:: Extracted entries ::
Lemma centralizer_comb_der s b F : {in s, forall j, GRing.comm L (F j)} ->
  \sum_(j <- s) b j *: F j = 0 -> \sum_(j <- s) d (b j) *: F j = 0.
Proof.
have [N] := bounded_family s F; elim: N F => [|N IH] F sF cLF hsum.
  by rewrite big_seq big1 // => j /sF; rewrite size_poly_leq0 => /eqP->; rewrite scaler0.
have [/hasP[j0 j0s /eqP sF0]|/hasPn small] := boolP (has (fun j => sz (F j) == N.+1) s);
  last by apply: IH => // j js; rewrite -ltnS ltn_neqAle small ?sF.
have [kappa [dk cLF' sF']] := centralizer_reduce cLF sF (cLF j0 j0s) sF0.
have decomp (c : T -> K) : \sum_(j <- s) c j *: F j =
    \sum_(j <- s) c j *: (F j - kappa j *: F j0) + (\sum_(j <- s) c j * kappa j) *: F j0.
  by rewrite -sum_scale_shift; apply: eq_bigr => j _; rewrite subrK.
pose beta := \sum_(j <- s) b j * kappa j.
have beta0 : beta = 0.
  have := congr1 (fun p : R => (p : {poly K})`_N) hsum; rewrite /= decomp coefD coefZ.
  rewrite nth_default ?(size_comb_leq _ sF') // add0r coef0 => /eqP.
  rewrite mulf_eq0 [_`_N](_ : _ = lc (F j0)) ?lead_coef_eq0 ?/lead_coef ?sF0 //.
  by rewrite -size_poly_eq0 sF0 orbF => /eqP.
rewrite decomp -/beta beta0 scale0r addr0 in hsum.
have dbeta : \sum_(j <- s) d (b j) * kappa j = d beta.
  rewrite der_sum // big_seq_cond [RHS]big_seq_cond; apply: eq_bigr => j /andP[js _].
  by rewrite (derM derivation_d) dk // mulr0 addr0.
by rewrite decomp (IH _ sF') // dbeta beta0 (der0 derivation_d) scale0r addr0.
Qed.

Lemma centralizer_comb_mul_neq0 s b F Y : {in s, forall j, GRing.comm L (F j)} ->
  Y != 0 -> \sum_(j <- s) b j *: F j != 0 -> \sum_(j <- s) b j *: (Y * F j) != 0.
Proof.
move=> + Y0; have [N] := bounded_family s F; elim: N F => [|N IH] F sF cLF hsum.
  move: hsum; rewrite big_seq big1 ?eqxx // => j /sF.
  by rewrite size_poly_leq0 => /eqP->; rewrite scaler0.
have [/hasP[j0 j0s /eqP sF0]|/hasPn small] := boolP (has (fun j => sz (F j) == N.+1) s);
  last by apply: IH => // j js; rewrite -ltnS ltn_neqAle small ?sF.
have [kappa [dk cLF' sF']] := centralizer_reduce cLF sF (cLF j0 j0s) sF0.
pose beta := \sum_(j <- s) b j * kappa j.
have hsumE : \sum_(j <- s) b j *: F j =
    \sum_(j <- s) b j *: (F j - kappa j *: F j0) + beta *: F j0.
  by rewrite -sum_scale_shift; apply: eq_bigr => j _; rewrite subrK.
rewrite hsumE in hsum.
have -> : \sum_(j <- s) b j *: (Y * F j) =
    \sum_(j <- s) b j *: (Y * (F j - kappa j *: F j0)) + beta *: (Y * F j0).
  rewrite -sum_scale_shift big_seq [RHS]big_seq; apply: eq_bigr => j js.
  by rewrite -[kappa j *: (Y * F j0)]dop_scalerAr ?dk // -mulrDr subrK.
have [beta0|beta_neq0] := eqVneq beta 0.
  rewrite beta0 scale0r addr0 in hsum; rewrite beta0 scale0r addr0.
  exact: (IH (fun j => F j - kappa j *: F j0)).
have F00 : F j0 != 0 by rewrite -size_poly_gt0 sF0.
have sY : (0 < sz Y)%N by rewrite size_poly_gt0.
rewrite addrC -size_poly_gt0 size_polyDl size_scale // size_dop_mul // sF0 addnS /=.
  by rewrite addn_gt0 sY.
apply: leq_ltn_trans (size_comb_leq (N := (sz Y + N).-1) _ _) _ => [j js|].
  by rewrite (leq_trans (size_dop_mul_leq _ _ _)) // -!subn1 leq_sub2r // leq_add2l sF'.
by rewrite ltn_predL addn_gt0 sY.
Qed.

End LinearCombinations.

Section Realization.
Variables (t : nat) (G : 'I_t -> {poly K}).
Hypothesis cLG : forall k, GRing.comm L (G k : R).
Implicit Types (p q : {mpoly K[t]}) (m : 'X_{1..t}).

Definition gen (k : 'I_t) : R := phi_gen L G k.
Definition mono m : R := mmap1 gen m.
Definition phi p : R := mmap (in_alg R) gen p.
HB.instance Definition _ := GRing.Additive.copy phi (mmap (in_alg R) gen).

Lemma comm_gen k : GRing.comm L (gen k).
Proof. by rewrite /gen /phi_gen; case: eqP. Qed.

Lemma comm_mono m : GRing.comm L (mono m).
Proof. by apply: commr_prod => k _; apply/commrX/comm_gen. Qed.

Lemma monoD m1 m2 : mono (m1 + m2) = mono m1 * mono m2.
Proof.
rewrite /mono /mmap1 -prodrM_comm => [|i j _ _]; last first.
  by apply/commrX/commr_sym/commrX/centralizer_comm; apply: comm_gen.
by apply: eq_bigr => i _; rewrite mnmDE exprD.
Qed.

Lemma phiE p : phi p = \sum_(m <- msupp p) p@_m *: mono m.
Proof. by apply: eq_bigr => m _; rewrite mulr_algl. Qed.

Lemma phi_LE p : phi_L d L G p = phi p.
Proof.
rewrite phiE; apply: eq_bigr => m _; congr (_ *: _).
by apply: eq_bigr => k _; elim: (m k) => [|e IH]; rewrite ?expr0 // exprS -IH.
Qed.

Lemma phiZ c p : phi (c *: p) = c *: phi p.
Proof. by rewrite /phi mmapZ mulr_algl. Qed.

Lemma phiX m : phi 'X_[m] = mono m.
Proof. exact: mmapX. Qed.

Lemma phi1 : phi 1 = 1.
Proof. by rewrite -mpolyC1 /phi mmapC /= scale1r. Qed.

Lemma phiMX p m : phi (p * 'X_[m]) = phi p * mono m.
Proof.
rewrite {1}(mpolyE p) big_distrl raddf_sum /= phiE mulr_suml.
by apply: eq_bigr => m' _; rewrite -scalerAl -mpolyXD phiZ phiX monoD scalerAl.
Qed.

Lemma phiM p q : phi (p * q) = \sum_(m <- msupp q) q@_m *: (phi p * mono m).
Proof.
rewrite {1}(mpolyE q) big_distrr raddf_sum /=.
by apply: eq_bigr => m _; rewrite -scalerAr phiZ phiMX.
Qed.

Local Notation ker_phi p := (phi p = 0).
Local Notation DI := (diff_ideal_gen d (BC d L G)).

Lemma ker_phi_der p : ker_phi p -> ker_phi (mpoly_der d p).
Proof.
rewrite phiE /mpoly_der raddf_sum /= => p0.
under eq_bigr => m _ do rewrite phiZ phiX.
by apply: centralizer_comb_der p0 => m _; apply: comm_mono.
Qed.

Lemma diff_ideal_sub_ker p : DI p -> ker_phi p.
Proof.
move/(_ (fun q => ker_phi q)); apply; last exact: ker_phi_der.
  split=> [|p1 p2 e1 e2|r p1 e1]; first exact: raddf0.
    by rewrite raddfD /= e1 e2 addr0.
  by rewrite mulrC phiM e1 big1 // => m _; rewrite mul0r scaler0.
by move=> q [_]; rewrite phi_LE.
Qed.

(* If some coefficient of [q] is not a constant, subtracting a multiple of the
   derivative of [q] removes it while staying in the kernel. *)
Lemma ker_sub_diff_ideal_step q m0 :
  (forall r, (size (msupp r) < size (msupp q))%N -> ker_phi r -> DI r) ->
  ker_phi q -> q@_m0 = 1 -> DI q.
Proof.
move=> IH q0 qm0; have d0 := der0 derivation_d.
have IHq r : {subset msupp r <= msupp q} -> {m | m \in msupp q & m \notin msupp r} ->
    ker_phi r -> DI r.
  by move=> sub [m mq mr]; apply: IH; apply: uniq_size_lt (msupp_uniq r) sub mq mr.
have [const|/allPn[m1 m1q dm1]] := boolP (all (fun m => d q@_m == 0) (msupp q)).
  apply: diff_ideal_gen_base; split; last by rewrite phi_LE.
  move=> m; have [/(allP const) //|mq] := boolP (m \in msupp q).
  by rewrite /is_const memN_msupp_eq0 // d0.
set r := mpoly_der d q.
have sub_r : {subset msupp r <= msupp q}.
  by move=> m; rewrite !mcoeff_msupp coef_mpoly_der //; apply: contraNneq => ->; rewrite d0.
have r0 : ker_phi r := ker_phi_der q0.
have Dr : DI r.
  apply: IHq => //; exists m0; first by rewrite mcoeff_msupp qm0 oner_neq0.
  by rewrite mcoeff_msupp coef_mpoly_der // qm0 (der1 derivation_d) eqxx.
set c := q@_m1 / d q@_m1.
rewrite -[q](subrK (c *: r)); apply: diff_ideal_genD; last exact: diff_ideal_genZ.
apply: IHq; last by rewrite raddfB /= [phi (c *: r)]phiZ q0 r0 scaler0 subr0.
  by move=> m /msuppB_le; rewrite mem_cat => /orP[//|/msuppZ_le/sub_r].
exists m1 => //; rewrite mcoeff_msupp mcoeffB [(c *: r)@_m1]mcoeffZ.
by rewrite coef_mpoly_der // mulfVK ?subrr ?eqxx.
Qed.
:::
▶ [Problem to solve] If the word "kappa" is on a line above, return that line.

▶ [Solution below]
have [kappa [dk cLF' sF']] := centralizer_reduce cLF sF (cLF j0 j0s) sF0.
    \sum_(j <- s) c j *: (F j - kappa j *: F j0) + (\sum_(j <- s) c j * kappa j) *: F j0.
pose beta := \sum_(j <- s) b j * kappa j.
have dbeta : \sum_(j <- s) d (b j) * kappa j = d beta.
have [kappa [dk cLF' sF']] := centralizer_reduce cLF sF (cLF j0 j0s) sF0.
pose beta := \sum_(j <- s) b j * kappa j.
    \sum_(j <- s) b j *: (F j - kappa j *: F j0) + beta *: F j0.
    \sum_(j <- s) b j *: (Y * (F j - kappa j *: F j0)) + beta *: (Y * F j0).
  by rewrite -[kappa j *: (Y * F j0)]dop_scalerAr ?dk // -mulrDr subrK.
  exact: (IH (fun j => F j - kappa j *: F j0)).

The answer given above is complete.